Companies highlighted a marked clinical benefit. AstraZeneca said, "CALQUENCE plus venetoclax demonstrated statistically significant and clinically meaningful improvement in progression-free survival vs. chemoimmunotherapy, with 77% of patients progression free at three years in AMPLIFY Phase III trial." OncologyNewsCentral and LymphomaHub reported that fixed-duration AV reduced the risk of disease progression or death by 35% versus chemoimmunotherapy, with a hazard ratio of 0.65 (95% confidence interval, 0.49–0.87; P = .0038). At a median follow-up of 42.6 months, median PFS was not estimable in the AV group (reported as "not estimable" or "not reached" with a 95% CI lower bound of 51.1 months) versus 47.6 months in the chemoimmunotherapy group (95% CI, 43.3 months to not estimable).

AI-generated illustration
AI-generated illustration

On overall survival, OncologyNewsCentral reported that at a median follow-up of 41.0 months there were 18 deaths (6%) in the AV group and 42 deaths (14%) in the chemoimmunotherapy group. AMPLIFY excluded patients with 17p deletion or TP53 mutation, limiting the label to patients without those high-risk genomic features.

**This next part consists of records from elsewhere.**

End Portals.

(* Whether the edge (lx, px) -- (ly, py) crosses the half-line that leaves (gl, gp)
   towards increasing lines, passing between positions gp and gp + 1. *)
Definition crosses (gl gp lx px ly py : Z) : bool :=
  (px =? gp) && (py =? gp + 1) && (gl <? lx) ||
  (py =? gp) && (px =? gp + 1) && (gl <? ly).

Ltac decide_Z :=
  repeat (match goal with
          | |- context [?a =? ?b] => destruct (Z.eqb_spec a b)
          | |- context [?a <? ?b] => destruct (Z.ltb_spec a b)
          | |- context [?a <=? ?b] => destruct (Z.leb_spec a b)
          end; simpl; try (exfalso; lia)); try reflexivity; try lia.

(* Moving the origin of the half-line by one step changes the crossing parity of
   an edge exactly when the edge crosses the boundary of a thin strip [H]. *)
Lemma crosses_shift gl gp gl' gp' :
  (gl' - gl = 1 /\ gp' = gp) \/ (gl' = gl /\ gp' - gp = 1) \/ (gl' - gl = 1 /\ gp' - gp = 1) ->
  exists H : Z -> Z -> bool, forall lx px ly py,
    step_offset (ly - lx) (py - px) ->
    ~ (lx = gl /\ px = gp) -> ~ (ly = gl /\ py = gp) ->
    ~ (lx = gl' /\ px = gp') -> ~ (ly = gl' /\ py = gp') ->
    Nat.even (Nat.b2n (crosses gl gp lx px ly py) + Nat.b2n (crosses gl' gp' lx px ly py))
    = Bool.eqb (H lx px) (H ly py).
Proof.
  unfold crosses, step_offset; intros [[El ->]|[[-> Ep]|[El Ep]]];
    [exists (fun _ _ => false) | exists (fun l p => (p =? gp + 1) && (gl <? l))
    | exists (fun l p => (p =? gp + 1) && (gl + 1 <? l))];
    intros lx px ly py O H1 H2 H3 H4;
    destruct O as [[Ol [Op|Op]]|[[Ol [Op|Op]]|[Ol [Op|Op]]]];
    replace ly with (lx + (ly - lx)) by lia; replace py with (px + (py - px)) by lia;
    rewrite Ol, Op in *; decide_Z.
Qed.

Definition crossing (d : axis) (g x y : vertex) : nat :=
  Nat.b2n (crosses (line d g) (pos d g) (line d x) (pos d x) (line d y) (pos d y)).

Section Parity.
Variables (X : list vertex) (d : axis).
Hypothesis hole_free : no_holes X.

Lemma crossing_along_line g x p :
  line d g < line d x -> (forall z, In z p -> line d z = line d x) -> path (adjX X) x p ->
  Nat.even (sum_steps (crossing d g) x p)
  = Bool.eqb (pos d x <=? pos d g) (pos d (path_end x p) <=? pos d g).
Proof.
  intros Hl Hline Hp. rewrite <- (sum_switches_even (fun z => pos d z <=? pos d g)).
  apply (path_restrict _ (fun z => line d z = line d x)) in Hp; auto.
  revert Hp. apply sum_steps_even_ext.
  intros a b ((_ & _ & Hab) & Ha & Hb). rewrite even_switches.
  pose proof (tri_adj_offset d a b Hab) as O. unfold step_offset in O.
  unfold crossing, crosses. destruct O as [[Ol [Op|Op]]|[[Ol [Op|Op]]|[Ol [Op|Op]]]]; try lia;
    replace (line d b) with (line d a) by lia;
    replace (pos d b) with (pos d a + (pos d b - pos d a)) by lia; rewrite Op; decide_Z.
Qed.

Lemma sum_crossings_zero g x p :
  (forall z, In z (x :: p) -> pos d z = pos d g -> line d z <= line d g) ->
  path (adjX X) x p -> sum_steps (crossing d g) x p = 0%nat.
Proof.
  intros Hz Hp. apply (path_restrict _ (fun z => pos d z = pos d g -> line d z <= line d g)) in Hp;
    [| apply Hz; left; auto | intros z Hin; apply Hz; right; auto].
  revert Hp. apply sum_steps_zero. intros x' y (_ & Qx & Qy).
  unfold crossing, crosses. decide_Z.
Qed.

Lemma crossing_parity_shift g g' x p :
  ~ In g X -> ~ In g' X ->
  (line d g' - line d g = 1 /\ pos d g' = pos d g) \/
  (line d g' = line d g /\ pos d g' - pos d g = 1) \/
  (line d g' - line d g = 1 /\ pos d g' - pos d g = 1) ->
  path (adjX X) x p -> path_end x p = x ->
  Nat.even (sum_steps (crossing d g) x p) = Nat.even (sum_steps (crossing d g') x p).
Proof.
  intros Hg Hg' Off Hp Hcl.
  destruct (crosses_shift _ _ _ _ Off) as [H HH].
  assert (Sum : Nat.even (sum_steps (fun a b => crossing d g a b + crossing d g' a b)%nat x p)
                = true).
  { rewrite (sum_steps_even_ext (adjX X) _ (switches (fun z => H (line d z) (pos d z))) x p);
      [| | exact Hp].
    - rewrite sum_switches_even, Hcl. apply eqb_reflx.
    - intros a b (Ha & Hb & Hab). rewrite even_switches.
      apply HH; [apply tri_adj_offset; exact Hab | ..];
        intros [El Ep]; [apply Hg | apply Hg | apply Hg' | apply Hg'];
        rewrite <- (vertex_eq_coords d _ _ El Ep); assumption. }
  rewrite sum_steps_add, Nat.even_add in Sum.
  destruct (Nat.even (sum_steps (crossing d g) x p)), (Nat.even (sum_steps (crossing d g') x p));
    easy.
Qed.

Lemma closed_path_crossings_even g x p :
  ~ In g X -> path (adjX X) x p -> path_end x p = x ->
  Nat.even (sum_steps (crossing d g) x p) = true.
Proof.
  intros Hg Hp Hcl.
  destruct (list_bound (fun z => Z.abs (pos d z)) X) as [N HN].
  set (g0 := vertex_at d 0 N).
  assert (Hg0 : ~ In g0 X).
  { intros H. specialize (HN g0 H). unfold g0 in HN. rewrite pos_vertex_at in HN. lia. }
  assert (Far : Nat.even (sum_steps (crossing d g0) x p) = true).
  { rewrite (sum_steps_even_ext (adjX X) _ (switches (fun _ => false)) x p);
      [rewrite sum_switches_even; reflexivity | | exact Hp].
    intros a b (Ha & Hb & _). pose proof (HN a Ha). pose proof (HN b Hb).
    rewrite even_switches. unfold crossing, crosses, g0. rewrite pos_vertex_at. decide_Z. }
  destruct (hole_free g g0 Hg Hg0) as [n W]. rewrite <- Far. clear Far.
  revert Hg Hg0. induction W as [|a b c n (Ha & Hb & Hab) _ IH]; intros Hg Hc; [reflexivity|].
  rewrite <- (IH Hb Hc). pose proof (tri_adj_offset d a b Hab) as O.
  destruct O as [[Ol [Op|Op]]|[[Ol [Op|Op]]|[Ol [Op|Op]]]];
    [| symmetry | | | symmetry | symmetry]; apply crossing_parity_shift; auto; lia.
Qed.
Lemma lambda_eq_nondeg_profile : (0 < n)%N -> simple_graph G -> turan_root n a b mu ->
  (\sum_v nondeg G v <= n * a + b * a.+1)%N -> lambda G = algRval mu ->
  exists X, nondeg_profile r G X.
Proof.
move=> n_gt0 G_simple root le_K lambdaE; have [mu_ge0 _ _] := root.
have := weight_rayleigh mu G_simple; rewrite lambdaE -rmorphM algRval_le => form_le.
have Y_ge1 := weight_sum_ge1 G_simple root le_K.
have [Y1 nondeg_nonadj] := weight_form_eq G_simple mu_ge0 Y_ge1 form_le.
have [sumE nondeg_ab] := weight_sum_eq1 G_simple root le_K Y1.
by eexists; apply: nondeg_profile_of.
Qed.

Lemma nondeg_profile_lambda X : (0 < n)%N -> simple_graph G -> turan_root n a b mu ->
  nondeg_profile r G X -> lambda G = algRval mu.
Proof.
move=> n_gt0 G_simple root profile; have [mu_ge0 _ _] := root.
have [_ nondegE sideE] := profile.
apply: lambda_weight => // [|v w /sideE]; last by rewrite !nondegE => ->.
apply/eqP; rewrite -subr_eq0 weight_sum_sub1 // (sum_nondeg_profile profile) subrr mul0r add0r.
by rewrite big1 // => v _; rewrite nondegE secant_gap_nodes.
Qed.

End TuranComparison.

Theorem theorem1p7 (r n : nat) (G : rel 'I_n) :
  (2 <= r)%N -> simple_graph G ->
  [/\ (nedges (turan r n) <= nedges G)%N -> lambda (turan r n) <= lambda G,
      (nedges (turan r n) <= nedges G)%N -> lambda G = lambda (turan r n) ->
        family_F r G &
      family_F r G -> nedges G = nedges (turan r n) /\ lambda G = lambda (turan r n)].
Proof.
move=> r_ge2 G_simple; have r_gt0 : (0 < r)%N by lia.
have T_simple := turan_simple r n; have T_profile := turan_nondeg_profile n r_gt0.
have [n_le1 | n_gt1] := leqP n 1.
  have TG := simple_graph_le1_eq2 n_le1 T_simple G_simple.
  rewrite -(eq_nedges TG) -(eq_lambda TG); split => // _ _.
  exact: nondeg_profile_family_F r_gt0 G_simple _ (eq_nondeg_profile TG T_profile).
have [mu mu_root] : exists mu, turan_root n (n %/ r) (n %% r) mu.
  have := divn_eq n r; have := ltn_pmod n r_gt0.
  by move: (n %/ r)%N (n %% r)%N => a b lt_br n_eq; apply: turan_root_exists; nia.
have n_gt0 : (0 < n)%N by lia.
have lambdaT := nondeg_profile_lambda n_gt0 T_simple mu_root T_profile.
rewrite lambdaT (leq_nedges_sum_nondeg G_simple T_simple) (sum_nondeg_profile T_profile).
split => [le_K | le_K lambdaE | /(family_F_nondeg_profile r_gt0 G_simple) [X G_profile]].
- exact: mu_le_lambda n_gt0 G_simple mu_root le_K.
- have [X G_profile] := lambda_eq_nondeg_profile n_gt0 G_simple mu_root le_K lambdaE.
  exact: nondeg_profile_family_F G_profile.
split; last exact: nondeg_profile_lambda G_profile.
apply/eqP; rewrite eqn_leq (leq_nedges_sum_nondeg G_simple T_simple).
rewrite (leq_nedges_sum_nondeg T_simple G_simple).
by rewrite (sum_nondeg_profile G_profile) (sum_nondeg_profile T_profile) leqnn.
Qed.
Lemma F_near_end k J z : In J (pieces lam k) -> in_piece J z ->
  exists s, 0 <= s <= width J /\ s <= 3 * Rabs (z - e J) /\
            Rabs (F lam z - F lam (e J)) <= K_osc * arc J * s.
Proof.
  intros HJ Hz; pose proof (width_pos_pieces lam _ _ HJ) as Hw.
  destruct (Req_dec z (e J)) as [->|Hne].
  - exists 0; rewrite !Rminus_diag, !Rabs_R0; repeat split; lra.
  - assert (Hd : 0 < Rabs (z - e J) / width J)
      by (apply Rdiv_lt_0_compat; [apply Rabs_pos_lt; lra|lra]).
    destruct (pow_lt_1_zero (1/3) ltac:(rewrite Rabs_pos_eq; lra) _ Hd) as [j Hj].
    specialize (Hj j (le_n j)); rewrite Rabs_pos_eq in Hj by (apply pow_le; lra).
    apply (F_near_end_iter j k); auto.
    apply (Rmult_lt_compat_l (width J)) in Hj; [|lra].
    replace (width J * (Rabs (z - e J) / width J)) with (Rabs (z - e J)) in Hj by (field; lra).
    exact Hj.
Qed.

End NearEnd.

Lemma F_near_lft k J z : In J (pieces lam k) -> in_piece J z ->
  exists s, 0 <= s <= width J /\ s <= 3 * Rabs (z - lft J) /\
            Rabs (F lam z - F lam (lft J)) <= K_osc * arc J * s.
Proof.
  apply (F_near_end lft 0); [lia| | |].
  - intros P Hw; destruct (child0_spec lam P Hw) as (E1 & E2 & _ & E4).
    unfold arc, width at 1; rewrite E1, E2, E4; repeat split; field.
  - intros P Hw; unfold in_piece, width in *; lra.
  - intros P y Hw Hy Hd; destruct (child0_spec lam P Hw) as (E1 & E2 & _).
    unfold in_piece in *; rewrite E1, E2; rewrite Rabs_pos_eq in Hd; lra.
Qed.

Lemma F_near_rgt k J z : In J (pieces lam k) -> in_piece J z ->
  exists s, 0 <= s <= width J /\ s <= 3 * Rabs (z - rgt J) /\
            Rabs (F lam z - F lam (rgt J)) <= K_osc * arc J * s.
Proof.
  apply (F_near_end rgt 3); [lia| | |].
  - intros P Hw; destruct (child3_spec lam P Hw) as (E1 & E2 & _ & E4).
    unfold arc, width at 1; rewrite E1, E2, E4; repeat split; unfold width; field.
  - intros P Hw; unfold in_piece, width in *; lra.
  - intros P y Hw Hy Hd; destruct (child3_spec lam P Hw) as (E1 & E2 & _).
    unfold in_piece, width in *; rewrite E1, E2; rewrite Rabs_left1 in Hd; lra.
Qed.

Definition K_brk : R := K_osc * (1 + 6 * lam).

Lemma F_osc_child_to_parent k J i z e s : In J (pieces lam k) -> (i < 4)%nat -> 0 <= s ->
  Rabs (F lam z - F lam e) <= K_osc * arc (child lam i J) * s ->
  Rabs (F lam z - F lam e) <= K_brk * arc J * s.
Proof.
  intros HJ Hi Hs Hb; pose proof (width_pos_pieces lam _ _ HJ) as Hw.
  destruct (child_width_arc_le lam lam_range J i Hw Hi) as [_ Ha].
  assert (0 < K_osc) by (unfold K_osc; pose proof (K_aff_pos lam lam_range); lra).
  eapply Rle_trans; [exact Hb|]; unfold K_brk.
  rewrite !Rmult_assoc; apply Rmult_le_compat_l; [lra|].
  rewrite <- Rmult_assoc; apply Rmult_le_compat_r; lra.
Qed.

Lemma F_near_breakpoint k J e z : In J (pieces lam k) -> breakpoint J e -> in_piece J z ->
  exists s, 0 <= s <= width J /\ s <= 6 * Rabs (z - e) /\
            Rabs (F lam z - F lam e) <= K_brk * arc J * s.
Proof.
  intros HJ He Hz; pose proof (width_pos_pieces lam _ _ HJ) as Hw.
  assert (HeJ : in_piece J e) by (unfold breakpoint, in_piece, width in *; lra).
  destruct (Rle_dec (width J / 6) (Rabs (z - e))) as [Hfar|Hnear].
  { exists (width J); split; [lra|split; [lra|]].
    eapply Rle_trans; [exact (F_osc k J z e HJ Hz HeJ)|].
    pose proof (arc_ge_1 J); unfold K_brk.
    assert (0 < K_osc) by (unfold K_osc; pose proof (K_aff_pos lam lam_range); lra).
    assert (0 < K_osc * arc J * width J) by (repeat apply Rmult_lt_0_compat; lra); nra. }
  unfold in_piece in Hz; destruct (Rle_lt_dec z e) as [Hze|Hez].
  - rewrite Rabs_left1 in Hnear by lra.
    destruct (Req_dec z e) as [->|Hne].
    { exists 0; rewrite !Rminus_diag, !Rabs_R0; repeat split; lra. }
    destruct (child_ending_at lam J e Hw He ltac:(lra)) as [i (Hi & Er & El)].
    destruct (F_near_rgt (S k) (child lam i J) z (child_in_pieces lam _ _ _ HJ Hi))
      as [s (Hs1 & Hs2 & Hs3)]; [unfold in_piece; lra|].
    rewrite Er in Hs2, Hs3; exists s.
    pose proof (child_width_arc_le lam lam_range J i Hw Hi); repeat split; try lra.
    exact (F_osc_child_to_parent k J i z e s HJ Hi ltac:(lra) Hs3).
  - rewrite Rabs_pos_eq in Hnear by lra.
    destruct (child_starting_at lam J e Hw He ltac:(lra)) as [i (Hi & El & Er)].
    destruct (F_near_lft (S k) (child lam i J) z (child_in_pieces lam _ _ _ HJ Hi))
      as [s (Hs1 & Hs2 & Hs3)]; [unfold in_piece; lra|].
    rewrite El in Hs2, Hs3; exists s.
    pose proof (child_width_arc_le lam lam_range J i Hw Hi); repeat split; try lra.
    exact (F_osc_child_to_parent k J i z e s HJ Hi ltac:(lra) Hs3).
Qed.

End Oscillation.

(** * The cells of a point and their slopes *)

Section Coding.
Variable lam : R.
Hypothesis lam_range : 1/6 < lam < 5/6.

(* The orientation bit [s] records whether the relative position [t = T^n x] of [x] in its
   cell is measured from the left end ([s = true]) or from the right end. *)
Definition oriented_at (s : bool) (J : piece) (x t : R) : Prop :=
  if s then x = lft J + t * width J else x = rgt J - t * width J.

Definition slope_signed (s : bool) (m : R) : Prop := if s then 0 <= m else m <= 0.

Definition child_index (s : bool) (u : nat) : nat := if s then u else (3 - u)%nat.

Definition width_factor (u : nat) : R := match u with 1%nat | 2%nat => 1/6 | _ => 1/3 end.

Definition abs_slope_next (u : nat) (mu w : R) : R :=
  match u with 1%nat => mu + 6 * lam * w | 2%nat => 6 * lam * w - mu | _ => mu end.

Lemma U_lt_4 t : (Defs.U t < 4)%nat.
Proof. unfold Defs.U; repeat destruct Rlt_dec; lia. Qed.

Lemma digit_lt_4 x n : (digit x n < 4)%nat.
Proof. apply U_lt_4. Qed.

Lemma child_index_lt_4 s u : (u < 4)%nat -> (child_index s u < 4)%nat.
Proof. unfold child_index; destruct s; lia. Qed.

(* The slope sign follows the orientation: on the decreasing branch of [T] (digit 2)
   both flip, since [|m| <= w < 6 lam w]. *)
Lemma coding_step J s t x : 0 < width J -> 0 <= t <= 1 ->
  oriented_at s J x t -> slope_signed s (slope J) ->
  let u := Defs.U t in
  let J' := child lam (child_index s u) J in
  let s' := xorb s (Nat.eqb u 2) in
  0 <= Defs.T t <= 1 /\ oriented_at s' J' x (Defs.T t) /\ slope_signed s' (slope J') /\
  Rabs (slope J') = abs_slope_next u (Rabs (slope J)) (arc J) /\
  width J' = width_factor u * width J.
Proof.
  intros Hw Ht Hx Hs; pose proof (arc_ge_1 J) as Ha1; pose proof (abs_slope_le_arc J) as Hma.
  destruct (child0_spec lam J Hw) as (A1 & A2 & _ & A4).
  destruct (child1_spec lam J Hw) as (B1 & B2 & _ & B4).
  destruct (child2_spec lam J Hw) as (C1 & C2 & _ & C4).
  destruct (child3_spec lam J Hw) as (D1 & D2 & _ & D4).
  assert (Harc : arc J < 6 * lam * arc J) by nra.
  assert (Hbd : slope J <= arc J /\ - slope J <= arc J)
    by (pose proof (Rle_abs (slope J)); pose proof (Rle_abs (- slope J)) as Hn;
        rewrite Rabs_Ropp in Hn; lra).
  unfold oriented_at, slope_signed in *; unfold Defs.U, Defs.T.
  destruct (Rlt_dec t (1/3)); [|destruct (Rlt_dec t (1/2)); [|destruct (Rlt_dec t (2/3))]];
    destruct s; cbn; unfold width in *; cbn [abs_slope_next width_factor];
    rewrite ?A1, ?A2, ?A4, ?B1, ?B2, ?B4, ?C1, ?C2, ?C4, ?D1, ?D2, ?D4;
    repeat split; try lra;
    try rewrite (Rabs_pos_eq (slope J)) by lra; try rewrite (Rabs_left1 (slope J)) by lra;
    try (rewrite Rabs_pos_eq by lra; lra); try (rewrite Rabs_left1 by lra; lra).
Qed.

Fixpoint cell_code (x : R) (n : nat) : piece * bool :=
  match n with
  | O => ((0, 1, 0, 0), true)
  | S n => let '(J, s) := cell_code x n in
           let u := digit x n in (child lam (child_index s u) J, xorb s (Nat.eqb u 2))
  end.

Safety signals were described as consistent with known profiles of the two agents. LymphomaHub listed the most common serious adverse events in the AV arm as COVID-19 including COVID-19 pneumonia at 9%, secondary primary malignancies at 2.7%, and neutropenia at 2.1%.

Data visualization chart
Serious AEs (%)

Company leaders and clinicians framed the approval as a meaningful shift toward time-limited, oral therapy. Jennifer Brown, MD, PhD, principal investigator of AMPLIFY, said, "The continuous regimens frequently used to treat chronic lymphocytic leukemia often come with side effects that may become burdensome to patients over time. The US approval of the CALQUENCE combination offers patients an all‑oral, 14‑month, fixed‑duration treatment option that is highly effective and well‑tolerated, and gives physicians greater flexibility to tailor treatment plans for individual patient needs and goals." Dave Fredrickson, executive vice president at AstraZeneca, added, "Today’s approval delivers the first all‑oral, fixed‑duration BTK inhibitor‑based regimen in the US for the treatment of chronic lymphocytic leukemia. This CALQUENCE combination has the potential to meaningfully change 1st‑line chronic lymphocytic leukemia treatment decisions and underscores our commitment to improving on the current standard of care for people living with blood cancers." AbbVie emphasized the combination as "the first and only all‑oral, fixed‑duration regimen for previously untreated patients," and Svetlana Kobina of AbbVie called the approval "a significant milestone." Dr. Brian Koffman of CLL Society noted the value of an "all oral, time‑limited option" for patients.

Although the approval promises shorter, clinic-free treatment for many patients, key practical details remain unreported in company materials: total AMPLIFY enrollment, full toxicity grading and discontinuation rates, dosing schedules, official FDA label language, and cost and insurance coverage implications. Clinicians and patients will likely weigh the regimen's fixed 14-month course and oral delivery against access, affordability and applicability for patients with high-risk genomic features not studied in AMPLIFY.